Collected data
⁂
(* Let arbitrary values $\boldsymbol y^*_n\in\mathbb R^{MN}_+$ ($n\in\mathcal T$) and $u^*_n\in\mathbb R$ ($n\in\mathcal T\setminus\{1\}$) be given. Define $\boldsymbol x^{MS}_1=\lceil\boldsymbol B_{t_1}\boldsymbol y^*_1\rceil$, $\boldsymbol x^{MS}_n=\max_{m\in\mathcal P(n)}\lceil\boldsymbol B_{t_m}\boldsymbol y^*_m\rceil-\max_{m\in\mathcal P(a(n))}\lceil\boldsymbol B_{t_m}\boldsymbol y^*_m\rceil$ for $n\ne1$, $\eta^{MS}_n=\max_{m\in\mathcal C(n)}\{\boldsymbol f_{t_m}^{\mathsf T}\sum_{l\in\mathcal P(m)}\boldsymbol x^{MS}_l+\boldsymbol c_{t_m}^{\mathsf T}\boldsymbol y^*_m-u^*_m\}$ for $n\notin\mathcal L$, $\boldsymbol x^{TS}_1=\lceil\boldsymbol B_{t_1}\boldsymbol y^*_1\rceil$, $\boldsymbol x^{TS}_n=\max_{m\in\mathcal P(n)}\lceil\max_{l\in\mathcal T_{t_m}}\boldsymbol B_{t_l}\boldsymbol y^*_l\rceil-\max_{m\in\mathcal P(a(n))}\lceil\max_{l\in\mathcal T_{t_m}}\boldsymbol B_{t_l}\boldsymbol y^*_l\rceil$ for $n\ne1$, $\eta^{TS}_n=\max_{m\in\mathcal C(n)}\{\boldsymbol f_{t_m}^{\mathsf T}\sum_{l\in\mathcal P(m)}\boldsymbol x^{TS}_l+\boldsymbol c_{t_m}^{\mathsf T}\boldsymbol y^*_m-u^*_m\}$ for $n\notin\mathcal L$. Then $(\boldsymbol x^{MS},\eta^{MS})$ is an optimal solution of $\mathbf{SP\text{-}RMS}(\boldsymbol y^*,u^* )$ and $(\boldsymbol x^{TS},\eta^{TS})$ is an optimal solution of $\mathbf{SP\text{-}RTS}(\boldsymbol y^*,u^* )$; consequently $Q^M(\boldsymbol y^*,u^* )=\sum_{n\in\mathcal T}p_n\big(\tilde{\boldsymbol f}_n^{\mathsf T}\sum_{m\in\mathcal P(n)}\boldsymbol x^{MS}_m+\tilde\lambda_n\eta^{MS}_n\big)$ and $Q^T(\boldsymbol y^*,u^* )=\sum_{n\in\mathcal T}p_n\big(\tilde{\boldsymbol f}_n^{\mathsf T}\sum_{m\in\mathcal P(n)}\boldsymbol x^{TS}_m+\tilde\lambda_n\eta^{TS}_n\big)$.
   Context: Setting. Fix integers $T\ge 2$, $M\ge1$, $N\ge1$. For each period $t$: maintenance costs $f_{ti}\ge 0$ forming $\boldsymbol f_t\in\mathbb R^M$; operational costs $c_{tij}\ge0$ forming $\boldsymbol c_t\in\mathbb R^{MN}$; capacities $h_{ti}>0$. $\boldsymbol B_t\in\mathbb R^{M\times MN}$ is the matrix with $(\boldsymbol B_t\boldsymbol y)_i=\frac1{h_{ti}}\sum_{j=1}^N y_{ij}$. Ceilings and maxima of vectors are taken componentwise. Scenario tree: a finite rooted tree with node set $\mathcal T$ and root $1$, all root-to-leaf paths having $T$ nodes; $\mathcal T_t$ is the set of nodes at depth $t$, $t_n$ the period of node $n$, $\mathcal L=\mathcal T_T$ the leaves, $a(n)$ the parent of $n\ne1$, $\mathcal C(n)$ the children of $n$, $\mathcal P(n)$ the set of nodes on the root-to-$n$ path (inclusive). Node probabilities $p_n>0$ satisfy $\sum_{n\in\mathcal T_t}p_n=1$ and $\sum_{m\in\mathcal C(n)}p_m=p_n$ for $n\notin\mathcal L$. Risk parameters $\lambda_t\in[0,1]$, $\alpha_t\in(0,1)$, $t=2,\ldots,T$. $\tilde{\boldsymbol f}_n=\boldsymbol f_{t_n}$ if $n=1$, else $(1-\lambda_{t_n})\boldsymbol f_{t_n}$; $\tilde\lambda_n=0$ if $n\in\mathcal L$, else $\lambda_{t_n+1}$. $\mathbf{SP\text{-}RMS}(\boldsymbol y^*,u^* )$: minimize $\sum_{n\in\mathcal T}p_n\big(\tilde{\boldsymbol f}_n^{\mathsf T}\sum_{m\in\mathcal P(n)}\boldsymbol x_m+\tilde\lambda_n\eta_n\big)$ over $\boldsymbol x_n\in\mathbb Z^M_+$ ($n\in\mathcal T$), $\eta_n\in\mathbb R$ ($n\notin\mathcal L$), subject to $\sum_{m\in\mathcal P(n)}\boldsymbol x_m\ge\boldsymbol B_{t_n}\boldsymbol y^*_n$ for all $n\in\mathcal T$ and $\eta_{a(n)}\ge\boldsymbol f_{t_n}^{\mathsf T}\sum_{m\in\mathcal P(n)}\boldsymbol x_m+\boldsymbol c_{t_n}^{\mathsf T}\boldsymbol y^*_n-u^*_n$ for all $n\ne1$. Its optimal value is $Q^M(\boldsymbol y^*,u^* )$. $\mathbf{SP\text{-}RTS}(\boldsymbol y^*,u^* )$: the same problem with the additional constraints $\boldsymbol x_m=\boldsymbol x_n$ for all $m,n\in\mathcal T_t$, $t=1,\ldots,T$. Its optimal value is $Q^T(\boldsymbol y^*,u^* )$. *)

From HB Require Import structures.
From mathcomp Require Import all_boot all_order all_algebra.
From mathcomp Require Import reals.
Set Implicit Arguments. Unset Strict Implicit. Unset Printing Implicit Defensive.
Import Order.TTheory GRing.Theory Num.Theory.
Local Open Scope ring_scope.
(* Let $k\geq 1$ and let $T$ be a binary phylogenetic $X$-tree with $|X| = 2k$. Let $P_1,\ldots,P_k$ be pairwise edge-disjoint leaf-to-leaf paths in $T$, where $P_i$ has endpoints $a_i,b_i$. For $p=(p_1,\ldots,p_k)\in\{0,1\}^k$ define $f_p: X\to\{a,b\}$ by $f_p(v)=a$ if for some $i\in\{1,\dots,k\}$ either ($v=a_i$ and $p_i=0$) or ($v=b_i$ and $p_i=1$), and $f_p(v)=b$ otherwise. Then the map $p\mapsto f_p$ is a bijection from $\{0,1\}^k$ to $A_k(T)$.
   Context: A phylogenetic $X$-tree is a tree with no vertices of degree 2 whose leaves are bijectively labelled by (and identified with) $X$; binary means maximum degree 3. A leaf-to-leaf path is a path whose two endpoints are (distinct) leaves. For a binary character $f: X\to\{a,b\}$, $l(f,T)$ is the minimum, over all maps $g:V(T)\to\{a,b\}$ with $g|_X=f$, of the number of edges $\{u,v\}$ with $g(u)\ne g(v)$; $A_k(T)$ is the set of all binary characters $f$ on $X$ with $l(f,T)=k$. *)

From mathcomp Require Import all_boot.
Set Implicit Arguments. Unset Strict Implicit. Unset Printing Implicit Defensive.

Section Defs.
Variables (V : finType) (e : rel V).

Definition simple_graph : Prop := symmetric e /\ irreflexive e.

Definition deg (v : V) : nat := #|[set u | e v u]|.

Definition connected_graph : Prop := forall u v, connect e u v.
Definition acyclic : Prop := forall s : seq V, uniq s -> 3 <= size s -> ~~ cycle e s.
Definition is_tree : Prop := simple_graph /\ connected_graph /\ acyclic.

Definition is_leaf (v : V) : bool := deg v == 1.

Definition binary_phylo_tree : Prop :=
  is_tree /\ (forall v, deg v != 2) /\ (forall v, deg v <= 3).

End Defs.

(* The leaf set X, identified with the labels (a finType by subtyping). *)
Notation leafT e := {v | is_leaf e v}.

Section Defs2.
Variables (V : finType) (e : rel V).

Definition edges : {set {set V}} :=
  [set [set x.1; x.2] | x in [pred x : V * V | e x.1 x.2]].

Definition changes (g : V -> bool) : nat :=
  #|[set E in edges | [exists u in E, exists v in E, g u != g v]]|.

(* Binary characters are maps X -> bool (true = state a, false = state b).
   Parsimony score l(f,T): minimum of changes g over extensions g of f.
   (#|edges| is an upper bound for every term, so it is a neutral start.) *)
Definition extends (g : {ffun V -> bool}) (f : {ffun leafT e -> bool}) : bool :=
  [forall x : leafT e, g (val x) == f x].

Definition pscore (f : {ffun leafT e -> bool}) : nat :=
  \big[minn/#|edges|]_(g : {ffun V -> bool} | extends g f) changes g.

Definition edge_of (s : seq V) (u v : V) : bool :=
  ((u, v) \in zip s (behead s)) || ((v, u) \in zip s (behead s)).

Definition leaf_path (s : seq V) (x y : leafT e) : Prop :=
  val x != val y /\
  exists t, s = val x :: t /\ path e (val x) t /\ uniq s /\ last (val x) t = val y.

Definition fchar (k : nat) (a b : 'I_k -> leafT e) (p : {ffun 'I_k -> bool})
  : {ffun leafT e -> bool} :=
  [ffun v => [exists i, ((v == a i) && ~~ p i) || ((v == b i) && p i)]].

End Defs2.

From mathcomp Require Import all_boot zify.
Set Implicit Arguments. Unset Strict Implicit. Unset Printing Implicit Defensive.

(* Every extension of a character f must change somewhere along each path P_i
   whose endpoints get different states, and the paths are edge-disjoint, so
   l(f, T) is at least the number of such paths; giving every internal vertex
   the same state shows l(f, T) <= min(#a, #b) <= k.  Hence each f_p scores k.
   Conversely, if l(f, T) = k then both states occur on exactly k leaves.  If
   some a_i and b_i had the same state c, walk along P_i: the leaves on the a_i
   side of an edge of P_i are an odd number (every other path stays on one
   side), c is the strict majority on that side for the first edge and a strict
   minority for the last, so it switches at an inner vertex w.  Giving state c
   to the near side of the edge before w, to w and to the far side of the edge
   after w costs at most one edge (the third one at w) plus k - 2 mismatched
   leaves, contradicting l(f, T) = k. *)

Lemma bigmin_le (I : finType) (P : pred I) (F : I -> nat) m i0 :
  P i0 -> \big[minn/m]_(i | P i) F i <= F i0.
Proof.
move=> Pi0; have : i0 \in index_enum I := mem_index_enum i0.
elim: (index_enum I) => // j s IH; rewrite inE big_cons => /predU1P [<-|/IH le].
  by rewrite Pi0 geq_minl.
by case: ifP => // _; exact: leq_trans (geq_minr _ _) le.
Qed.

Lemma bigmin_ge (I : finType) (P : pred I) (F : I -> nat) m n :
  n <= m -> (forall i, P i -> n <= F i) -> n <= \big[minn/m]_(i | P i) F i.
Proof.
by move=> nm nF; apply: (big_ind (fun x => n <= x)) => // x y nx ny; rewrite leq_min nx ny.
Qed.

Lemma leq_card_witness (I T : finType) (A : {set I}) (B : {set T}) (R : I -> T -> bool) :
  (forall i, i \in A -> exists2 x, x \in B & R i x) ->
  {in A &, forall i j x, R i x -> R j x -> i = j} -> #|A| <= #|B|.
Proof.
move=> exR uniqR; pose w i := [pick x in B | R i x].
have wP i : i \in A -> exists2 x, w i = Some x & (x \in B) && R i x.
  move=> iA; rewrite /w; case: pickP => [x xBR|none]; first by exists x.
  by have [x xB Rix] := exR i iA; have := none x; rewrite xB Rix.
rewrite -(card_imset B (@Some_inj _)) -(card_in_imset (f := w)) => [|i j iA jA wij].
  apply/subset_leq_card/subsetP => _ /imsetP [i iA ->].
  by have [x -> /andP [xB _]] := wP i iA; rewrite imset_f.
have [x wix /andP [_ Rix]] := wP i iA; have [y wjy /andP [_ Rjy]] := wP j jA.
by apply: uniqR iA jA _ Rix _; move: wij; rewrite wix wjy => -[->].
Qed.

Lemma connect_forward_closed (T : finType) (r : rel T) (A : pred T) x y :
  (forall u v, A u -> r u v -> A v) -> A x -> connect r x y -> A y.
Proof.
move=> closedA + /connectP [s]; elim: s x => [|z s IH] x Ax /=; first by move=> _ ->.
by case/andP=> rxz; apply: IH; exact: closedA rxz.
Qed.

Lemma path_zip (T : eqType) (r : rel T) x t uv :
  path r x t -> uv \in zip (x :: t) t -> r uv.1 uv.2.
Proof.
elim: t x => [|y t IH] x //= /andP [rxy pt]; rewrite inE => /predU1P [-> //|].
exact: IH.
Qed.

Lemma zip_change (T : eqType) (g : T -> bool) x t :
  g x != g (last x t) -> exists2 uv, uv \in zip (x :: t) t & g uv.1 != g uv.2.
Proof.
elim: t x => [|y t IH] x /=; first by rewrite eqxx.
have [gxy|gxy _] := eqVneq (g x) (g y); last by exists (x, y); rewrite ?inE ?eqxx.
by rewrite gxy => /IH [uv uvt guv]; exists uv; rewrite // inE uvt orbT.
Qed.

Lemma mem_zip_last (T : eqType) (x : T) t : t != [::] ->
  exists w, (w, last x t) \in zip (x :: t) t.
Proof.
elim: t x => [//|z [|z' t] IH] x _; first by exists x; rewrite /= inE eqxx.
by have [w wt] := IH z isT; exists w; rewrite /= inE wt orbT.
Qed.
Lemma card_agree_fKri_eq4 (K r i K' r' i' : F) :
  #|agree (fKri_fin K r i) (fKri_fin K' r' i')| = 4%N -> r = r'.
Proof.
set A := agree _ _; set S := [set i; i'] => card4.
have [//|rr'] := eqVneq r r'.
have AS_ge2 : (2 <= #|A :&: S|)%N.
  rewrite -(leq_add2r #|A :\: S|) cardsID card4 -[4%N]/(2 + 2)%N leq_add2l.
  exact: card_agree_fKri_off_poles.
have S_le : (#|A :&: S| <= #|S|)%N := subset_leq_card (subsetIr A S).
have ii' : i != i' by move: (leq_trans AS_ge2 S_le); rewrite cards2; case: (i != i').
have /subset_cardP/(_ (subsetIr A S)) AS : #|A :&: S| = #|S|.
  by apply/eqP; rewrite eqn_leq S_le cards2 ii'.
have poleA x : x \in S -> fKri_fin K r i x = fKri_fin K' r' i' x.
  by move=> xS; have := AS x; rewrite in_setI xS andbT inE => /eqP.
have e1 : K = K' + r' / (i - i').
  by rewrite -(fKri_fin_pole K r i) poleA ?fKri_fin_neq // !inE eqxx.
have e2 : K + r / (i' - i) = K'.
  by rewrite -(fKri_fin_pole K' r' i') -poleA ?fKri_fin_neq 1?eq_sym // !inE eqxx orbT.
have ii0 : i - i' != 0 by rewrite subr_eq0.
have ii0' : i' - i != 0 by rewrite subr_eq0 eq_sym.
have r_eq : r = (K - K') * (i - i') by rewrite -e2; field.
have r'_eq : r' = (K - K') * (i - i') by rewrite e1; field.
by move: rr'; rewrite r_eq r'_eq eqxx.
Qed.

Lemma PGL_fix_inf : [set f in PGL | f None == None] = Aff F.
Proof.
apply/setP => f; rewrite inE; apply/andP/imset2P => [[/PGLP[a b a0 ->|K r i _ ->]]|].
    by exists a b; rewrite ?inE.
  by rewrite ffunE.
case=> a b; rewrite inE => a0 _ ->; split; first exact: mob_affine_PGL.
by rewrite ffunE /= eqxx.
Qed.

Lemma card_nonzero : #|[set r : F | r != 0]| = (#|F| - 1)%N.
Proof.
have -> : [set r : F | r != 0] = [set~ 0] by apply/setP => r; rewrite !inE.
by rewrite cardsC1 subn1.
Qed.

Lemma card_Aff : #|Aff F| = (#|F| * (#|F| - 1))%N.
Proof.
rewrite /Aff curry_imset2X card_imset ?cardsX ?cardsT; last first.
  move=> [a b] [a' b'] /= /ffunP e; have := e (Some 0); have := e (Some 1).
  rewrite !ffunE /= !mul0r !add0r oner_eq0 !divr1 !mulr0 !add0r !mulr1 => -[e1] [e0].
  by rewrite e0 in e1 *; move/addIr: e1 ->.
by rewrite card_nonzero mulnC.
Qed.

Lemma Pr_inj : injective (@Pr F).
Proof.
move=> r r' e; have : fKri 0 r 0 \in Pr r' by rewrite -e; apply/imset2P; exists 0 0.
by case/imset2P => K i _ _ /fKri_inj[].
Qed.

Lemma card_Pr_family : #|[set Pr r | r in [set r : F | r != 0]]| = (#|F| - 1)%N.
Proof.
by rewrite card_imset ?card_nonzero //; exact: Pr_inj.
Qed.

Hypothesis card_ge4 : (4 <= #|F|)%N.

Lemma CPadjE (f g : pmap) (u v : F -> F) :
  tri f = ext_inf u -> tri g = ext_inf v ->
  CPadj f g = [&& f \in PGL, g \in PGL, f != g & #|agree u v| == 4%N].
Proof.
move=> trif trig; rewrite /CPadj trif trig hd_ext_inf.
have le_agree : (#|agree u v| <= #|F|)%N := max_card _.
by congr [&& _, _, _ & _]; apply/eqP/eqP; lia.
Qed.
⁂
Exercise goal: List each line of the records that holds the string "eqxx".

Answer area:
elim: t x => [|y t IH] x /=; first by rewrite eqxx.
have [gxy|gxy _] := eqVneq (g x) (g y); last by exists (x, y); rewrite ?inE ?eqxx.
elim: t x => [//|z [|z' t] IH] x _; first by exists x; rewrite /= inE eqxx.
  by rewrite -(fKri_fin_pole K r i) poleA ?fKri_fin_neq // !inE eqxx.
  by rewrite -(fKri_fin_pole K' r' i') -poleA ?fKri_fin_neq 1?eq_sym // !inE eqxx orbT.
by move: rr'; rewrite r_eq r'_eq eqxx.
by rewrite ffunE /= eqxx.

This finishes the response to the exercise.